- Exercise description:
Where the line with "have : 0 <= (G - gam * Mr) ^+ 2 / (2 * Mr)." appears below, start writing out lines exactly, and finish with the line with "by field; rewrite !gt_eqF.", which is included; write out nothing else.

- Records shown:
____________________

(* For every integer $d\geq 1$, $c_{d((2),(2)),\,d((2),(2))}^{d((2),(2))}=1$, i.e. the multiplicity of $M_{((2d),(2d))}$ in $M_{((2d),(2d))}\otimes M_{((2d),(2d))}$ equals $1$.
   Context: A double partition of $n$ is an ordered pair $(\alpha^+,\alpha^-)$ of partitions with $|\alpha^+|+|\alpha^-|=n$. Let $W_n=(\mathbb{Z}/2\mathbb{Z})^n\rtimes\mathfrak{S}_n$ be the hyperoctahedral group. For complex vector spaces $V^+,V^-$ and $V=V^+\oplus V^-$, $W_n$ acts on $V^{\otimes n}$ ($\mathfrak{S}_n$ permuting tensor factors, the $i$-th generator of $(\mathbb{Z}/2\mathbb{Z})^n$ acting by $\mathrm{id}_{V^+}\oplus(-\mathrm{id}_{V^-})$ on the $i$-th factor), commuting with $\mathrm{GL}(V^+)\times\mathrm{GL}(V^-)$, and $V^{\otimes n}\simeq\bigoplus_{(\alpha^+,\alpha^-)}\mathbb{S}^{\alpha^+}(V^+)\otimes\mathbb{S}^{\alpha^-}(V^-)\otimes M_{\alpha^\pm}$ over double partitions of $n$ with $\ell(\alpha^\pm)\leq\dim V^\pm$; this defines the irreducible $W_n$-representation $M_{\alpha^\pm}$. $c_{\alpha^\pm,\beta^\pm}^{\gamma^\pm}$ is the multiplicity of $M_{\gamma^\pm}$ in $M_{\alpha^\pm}\otimes M_{\beta^\pm}$. $d((2),(2))=((2d),(2d))$. *)

From HB Require Import structures.
From mathcomp Require Import all_boot all_order all_algebra all_fingroup all_field.
Set Implicit Arguments. Unset Strict Implicit. Unset Printing Implicit Defensive.
Import GRing.Theory Num.Theory.
Local Open Scope ring_scope.

(* Hyperoctahedral group W_n realised as the group of signed permutations:
   permutations of 'I_n * bool commuting with the sign flip (i,b) |-> (i,~~b). *)
Definition flipf n (x : 'I_n * bool) : 'I_n * bool := (x.1, ~~ x.2).
Lemma flipfK n : involutive (@flipf n).
Proof. by case=> i b; rewrite /flipf /= negbK. Qed.
Definition flipn n : {perm 'I_n * bool} := perm (inv_inj (@flipfK n)).

Definition hyperoct n : {group {perm 'I_n * bool}} := ('C[flipn n])%G.

Definition sperm n (w : {perm 'I_n * bool}) (i : 'I_n) : 'I_n := (w (i, false)).1.
Definition sflip n (w : {perm 'I_n * bool}) (i : 'I_n) : bool := (w (i, false)).2.

(* Matrix of w acting (on the right) on V^{(x)n} with V^+ = C e, V^- = C f
   (dim V^+ = dim V^- = 1), restricted to the weight (n-m, m) subspace, i.e.
   the span of tensors with f in the positions S, #|S| = m.  By the defining
   decomposition, this subspace is exactly M_{((n-m),(m))}. *)
Definition Mrep n m (w : {perm 'I_n * bool}) (S T : {set 'I_n}) : algC :=
  if [&& #|S| == m, #|T| == m & T == sperm w @: S]
  then \prod_(i in S) (-1) ^+ sflip w i else 0.

Definition Mchar n m (w : {perm 'I_n * bool}) : algC :=
  \sum_(S : {set 'I_n} | #|S| == m) Mrep m w S S.

Definition tensor_mult (gT : finGroupType) (G : {group gT})
  (chiA chiB chiC : gT -> algC) : algC :=
  #|G|%:R^-1 * \sum_(w in G) chiA w * chiB w * (chiC w)^*.

From mathcomp Require Import all_boot all_order all_algebra all_fingroup all_field.
From mathcomp Require Import zify.
Set Implicit Arguments. Unset Strict Implicit. Unset Printing Implicit Defensive.
Import GRing.Theory Num.Theory.

(* Write w in W_n as a signed permutation (f, s).  The character of
   M_((n-m),(m)) at w is the sum, over the m-subsets S stable under s, of the
   sign (-1)^(sum of f over S); it is real, so the multiplicity is
   |W_n|^-1 * sum_w chi(w)^3.  Expanding the cube and summing over the signs f
   first kills every triple (A, B, C) of m-subsets except those covering each
   point an even number of times, and leaves 2^n times the number of such
   triples fixed by s.  By the Cauchy-Frobenius lemma the multiplicity is thus
   the number of S_n-orbits of even triples.  An even triple is (A, B, A xor B),
   determined by the labelling x |-> (x in A, x in B), whose four fibres have
   sizes forced by n and m; labellings with the same fibre sizes are conjugate
   under S_n, so there is exactly one orbit whenever an even triple exists, as
   it does for n = 4d, m = 2d (take all four fibres of size d). *)

Section Fibres.
Variable T : finType.

Lemma card_fibres_perm (U : eqType) (g h : T -> U) :
  (forall u, #|[set x | g x == u]| = #|[set x | h x == u]|) ->
  exists s : {perm T}, forall x, g (s x) = h x.
Proof.
move=> eq_fibres.
pose fg u := enum [set y | g y == u]; pose fh u := enum [set y | h y == u].
have fh_hx x : x \in fh (h x) by rewrite mem_enum inE.
have index_lt x : index x (fh (h x)) < size (fg (h x)).
  by rewrite -cardE eq_fibres cardE index_mem.
(* sf maps the k-th element of each h-fibre to the k-th element of the g-fibre. *)
pose sf x := nth x (fg (h x)) (index x (fh (h x))).
have g_sf x : g (sf x) = h x.
  by have := mem_nth x (index_lt x); rewrite mem_enum inE => /eqP.
have sf_inj : injective sf.
  move=> x y eq_sf; have eq_h : h x = h y by rewrite -!g_sf eq_sf.
  have lt_y : index y (fh (h x)) < size (fg (h x)) by rewrite eq_h index_lt.
  move: eq_sf; rewrite /sf -eq_h (set_nth_default x y lt_y).
  move/eqP; rewrite nth_uniq ?enum_uniq ?index_lt //.
  by move/eqP/(congr1 (nth x (fh (h x)))); rewrite !nth_index // eq_h.
by exists (perm sf_inj) => x; rewrite permE.
Qed.

Lemma card_preim_sum (U : finType) (g : T -> U) (P : pred U) :
  #|[set x | P (g x)]| = \sum_(u | P u) #|[set x | g x == u]|.
Proof.
rewrite -sum1_card (partition_big g P) => [|x]; last by rewrite inE.
apply: eq_bigr => u Pu; rewrite -sum1_card; apply: eq_bigl => x.
by rewrite !inE andb_idl // => /eqP ->.
Qed.

Lemma uniform_labelling_exists (U : finType) d : #|T| = (#|U| * d)%N ->
  exists g : T -> U, forall u, #|[set x | g x == u]| = d.
Proof.
move=> cardT; have card_UI : #|{: U * 'I_d}| = #|T| by rewrite card_prod card_ord.
pose e x : U * 'I_d := enum_val (cast_ord (esym card_UI) (enum_rank x)).
have e_inj : injective e by move=> x y /enum_val_inj/cast_ord_inj/enum_rank_inj.
have e_bij : bijective e by apply: inj_card_bij; rewrite // card_UI.
exists (fun x => (e x).1) => u.
have -> : [set x | (e x).1 == u] = e @^-1: [set p | p.1 == u].
  by apply/setP=> x; rewrite !inE.
rewrite on_card_preimset; last exact: onW_bij.
transitivity #|setX [set u] [set: 'I_d]|; last by rewrite cardsX cards1 cardsT card_ord mul1n.
by apply: eq_card => -[v i]; rewrite !inE andbT.
Qed.
Lemma card_preim_bool2 (g : T -> bool * bool) (P : pred (bool * bool)) :
  #|[set x | P (g x)]| =
  \sum_(a : bool) \sum_(b : bool) if P (a, b) then #|[set x | g x == (a, b)]| else 0%N.
Proof.
by rewrite card_preim_sum big_mkcond pair_bigA; apply: eq_bigr => -[a b].
Qed.
End Fibres.

Lemma card_orbits_transitive (aT : finGroupType) (rT : finType)
    (to : {action aT &-> rT}) (G : {group aT}) (S : {set rT}) :
  [transitive G, on S | to] -> #|orbit to G @: S| = 1%N.
Proof.
move=> trans_S; have /imsetP[x Sx _] := trans_S.
suff -> : orbit to G @: S = [set S] by rewrite cards1.
apply/setP => X; rewrite inE; apply/imsetP/eqP => [[y Sy ->] | ->].
  exact: atransP trans_S y Sy.
by exists x; rewrite ?(atransP trans_S x Sx).
Qed.

Section Triples.
Variable T : finType.

Definition triple := ({set T} * {set T} * {set T})%type.

Definition triple_act_fun (t : triple) (s : {perm T}) : triple :=
  (s @: t.1.1, s @: t.1.2, s @: t.2).

Lemma triple_act1 : triple_act_fun^~ 1%g =1 id.
Proof. by case=> [[A B] C]; rewrite /triple_act_fun /= !imset_perm1. Qed.

Lemma triple_actM t : act_morph triple_act_fun t.
Proof.
have imsetM (s1 s2 : {perm T}) (A : {set T}) : (s1 * s2)%g @: A = s2 @: (s1 @: A).
  by rewrite -imset_comp; apply: eq_imset => x; rewrite permM.
by move=> s1 s2; rewrite /triple_act_fun /= !imsetM.
Qed.

Definition triple_act := TotalAction triple_act1 triple_actM.

Definition cover_count (t : triple) x : nat :=
  (x \in t.1.1) + (x \in t.1.2) + (x \in t.2).

Definition even_cover (t : triple) := [forall x, ~~ odd (cover_count t x)].

Definition even_triples (m : nat) : {set triple} :=
  [set t : triple | [&& #|t.1.1| == m, #|t.1.2| == m, #|t.2| == m & even_cover t]].

Definition triple_label (t : triple) x : bool * bool := (x \in t.1.1, x \in t.1.2).

Definition triple_of (g : T -> bool * bool) : triple :=
  ([set x | (g x).1], [set x | (g x).2], [set x | (g x).1 != (g x).2]).

Lemma triple_of_label t : even_cover t -> triple_of (triple_label t) = t.
Proof.
case: t => [[A B] C] /forallP even_t; congr (_, _, _); apply/setP => x; rewrite inE //=.
by move: (even_t x); rewrite /cover_count /=; case: (x \in A); case: (x \in B); case: (x \in C).
Qed.

Lemma even_cover_triple_of g : even_cover (triple_of g).
Proof. by apply/forallP => x; rewrite /cover_count !inE; case: (g x) => [[] []]. Qed.

Lemma triple_act_of (g h : T -> bool * bool) (s : {perm T}) :
  (forall x, h (s x) = g x) -> triple_act (triple_of g) s = triple_of h.
Proof.
move=> hs; have imset_s P : s @: [set x | P (g x)] = [set x | P (h x)].
  by apply/setP => y; rewrite -[y](permKV s) mem_imset ?inE ?hs //; apply: perm_inj.
by rewrite /= /triple_act_fun /= (imset_s fst) (imset_s snd) (imset_s (fun u => u.1 != u.2)).
Qed.

Lemma triple_fixE t (s : {perm T}) :
  (triple_act t s == t) =
  [&& s @: t.1.1 == t.1.1, s @: t.1.2 == t.1.2 & s @: t.2 == t.2].
Proof. by case: t => [[A B] C]; rewrite !xpair_eqE andbA. Qed.

Lemma cover_count_act t (s : {perm T}) x :
  cover_count (triple_act t s) (s x) = cover_count t x.
Proof. by rewrite /cover_count /= !mem_imset //; apply: perm_inj. Qed.

Lemma even_triples_act m t (s : {perm T}) :
  (triple_act t s \in even_triples m) = (t \in even_triples m).
Proof.
rewrite !inE /= !card_imset; try exact: perm_inj.
congr [&& _, _, _ & _]; apply/forallP/forallP => even_t x; last first.
  by rewrite -[x](permKV s) cover_count_act.
by rewrite -(cover_count_act t s).
Qed.

Lemma even_triples_acts m : [acts setT, on even_triples m | triple_act].
Proof. by apply/actsP => s _ t; apply: even_triples_act. Qed.

Lemma card_even_triple_fibre m t u : t \in even_triples m ->
  #|[set x | triple_label t x == u]| =
    if u == (false, false) then (#|T| - 3 * (m %/ 2))%N else (m %/ 2)%N.
Proof.
rewrite inE => /and4P[/eqP cardA /eqP cardB /eqP cardC /triple_of_label t_of].
pose c u := #|[set x | triple_label t x == u]|; rewrite -/(c u).
have card_label P : #|[set x | P (triple_label t x)]| =
    \sum_(a : bool) \sum_(b : bool) if P (a, b) then c (a, b) else 0%N.
  exact: card_preim_bool2.
have {}cardC : #|[set x | (x \in t.1.1) != (x \in t.1.2)]| = m.
  by rewrite -cardC -[in RHS]t_of.
have := card_label fst; have := card_label snd.
have := card_label (fun u => u.1 != u.2); have := card_label predT.
rewrite !big_bool /= cardC cardsT !cardsE cardA cardB; clearbody c => cardT *.
have [cTT cTF cFT cFF] : [/\ c (true, true) = m %/ 2, c (true, false) = m %/ 2,
    c (false, true) = m %/ 2 & c (false, false) = #|T| - 3 * (m %/ 2)]%N.
  by split; [lia.. | rewrite cardT; lia].
by case: u => [[] []]; rewrite ?cTT ?cTF ?cFT ?cFF.
Qed.
Lemma quadratic_gap_bound (R : realFieldType) (gam D G Mr a : R) :
  0 < gam -> 0 < Mr -> D <= G -> Mr <= 2 / gam ^+ 2 * (a + gam * D) ->
  - a <= G ^+ 2 / (2 * Mr).
Proof.
move=> gam0 Mr0 DG Mr_le.
have gam2 : 0 < gam ^+ 2 by rewrite exprn_gt0.
have : gam ^+ 2 * Mr / 2 <= a + gam * D.
  by rewrite mulrAC -ler_pdivlMl ?divr_gt0 // invf_div.
have : gam * D <= gam * G by rewrite ler_wpM2l // ltW.
have -> : G ^+ 2 / (2 * Mr) =
    gam * G - gam ^+ 2 * Mr / 2 + (G - gam * Mr) ^+ 2 / (2 * Mr).
  by field; rewrite gt_eqF.
have : 0 <= (G - gam * Mr) ^+ 2 / (2 * Mr).
  by rewrite divr_ge0 ?sqr_ge0 // mulr_ge0 // ltW.
lra.
Qed.

Lemma add_sqr_div_le (R : realFieldType) (a b G H M : R) :
  0 <= G -> 0 <= H -> 0 < M ->
  a <= G ^+ 2 / (2 * M) -> b <= H ^+ 2 / (2 * M) ->
  a + b <= (G + H) ^+ 2 / (2 * M).
Proof.
move=> G0 H0 M0 aG bH; apply: le_trans (lerD aG bH) _.
rewrite -mulrDl; apply: ler_wpM2r; first by rewrite invr_ge0 mulr_ge0 // ltW.
have : 0 <= G * H by rewrite mulr_ge0.
rewrite !expr2; lra.
Qed.

Lemma lee_sqr_div_of_fin (R : realType) (a G : R) (M : \bar R) : (0 < M)%E ->
  (forall Mr, 0 < Mr -> (Mr%:E <= M)%E -> a <= G ^+ 2 / (2 * Mr)) ->
  (a%:E <= (G ^+ 2)%:E / (2%:E * M))%E.
Proof.
case: M => [Mr | |] //= M0 bound.
  rewrite lte_fin in M0.
  by rewrite -EFinM inver gt_eqF ?mulr_gt0 // -EFinM lee_fin bound.
rewrite mulry gtr0_sg // mul1e invey mule0 lee_fin leNgt; apply/negP => a0.
have G1 : 0 < G ^+ 2 + 1 by rewrite ltr_wpDl ?sqr_ge0.
have := bound ((G ^+ 2 + 1) / a) (divr_gt0 G1 a0) (leey _).
have -> : G ^+ 2 / (2 * ((G ^+ 2 + 1) / a)) = a * (G ^+ 2 / (2 * (G ^+ 2 + 1))).
  by field; rewrite !gt_eqF.
rewrite ler_pMr // ler_pdivlMr ?mulr_gt0 // mul1r.
have := sqr_ge0 G; lra.
Qed.

Lemma ereal_gt0_fin_lb (R : realType) (M : \bar R) :
  (0 < M)%E -> exists2 Mr : R, 0 < Mr & (Mr%:E <= M)%E.
Proof.
case: M => [Mr M0 | _ |] //; first by exists Mr; rewrite // -lte_fin.
by exists 1; rewrite ?leey.
Qed.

____________________

- Exercise result:
have : 0 <= (G - gam * Mr) ^+ 2 / (2 * Mr).
  by rewrite divr_ge0 ?sqr_ge0 // mulr_ge0 // ltW.
lra.
Qed.

Lemma add_sqr_div_le (R : realFieldType) (a b G H M : R) :
  0 <= G -> 0 <= H -> 0 < M ->
  a <= G ^+ 2 / (2 * M) -> b <= H ^+ 2 / (2 * M) ->
  a + b <= (G + H) ^+ 2 / (2 * M).
Proof.
move=> G0 H0 M0 aG bH; apply: le_trans (lerD aG bH) _.
rewrite -mulrDl; apply: ler_wpM2r; first by rewrite invr_ge0 mulr_ge0 // ltW.
have : 0 <= G * H by rewrite mulr_ge0.
rewrite !expr2; lra.
Qed.

Lemma lee_sqr_div_of_fin (R : realType) (a G : R) (M : \bar R) : (0 < M)%E ->
  (forall Mr, 0 < Mr -> (Mr%:E <= M)%E -> a <= G ^+ 2 / (2 * Mr)) ->
  (a%:E <= (G ^+ 2)%:E / (2%:E * M))%E.
Proof.
case: M => [Mr | |] //= M0 bound.
  rewrite lte_fin in M0.
  by rewrite -EFinM inver gt_eqF ?mulr_gt0 // -EFinM lee_fin bound.
rewrite mulry gtr0_sg // mul1e invey mule0 lee_fin leNgt; apply/negP => a0.
have G1 : 0 < G ^+ 2 + 1 by rewrite ltr_wpDl ?sqr_ge0.
have := bound ((G ^+ 2 + 1) / a) (divr_gt0 G1 a0) (leey _).
have -> : G ^+ 2 / (2 * ((G ^+ 2 + 1) / a)) = a * (G ^+ 2 / (2 * (G ^+ 2 + 1))).
  by field; rewrite !gt_eqF.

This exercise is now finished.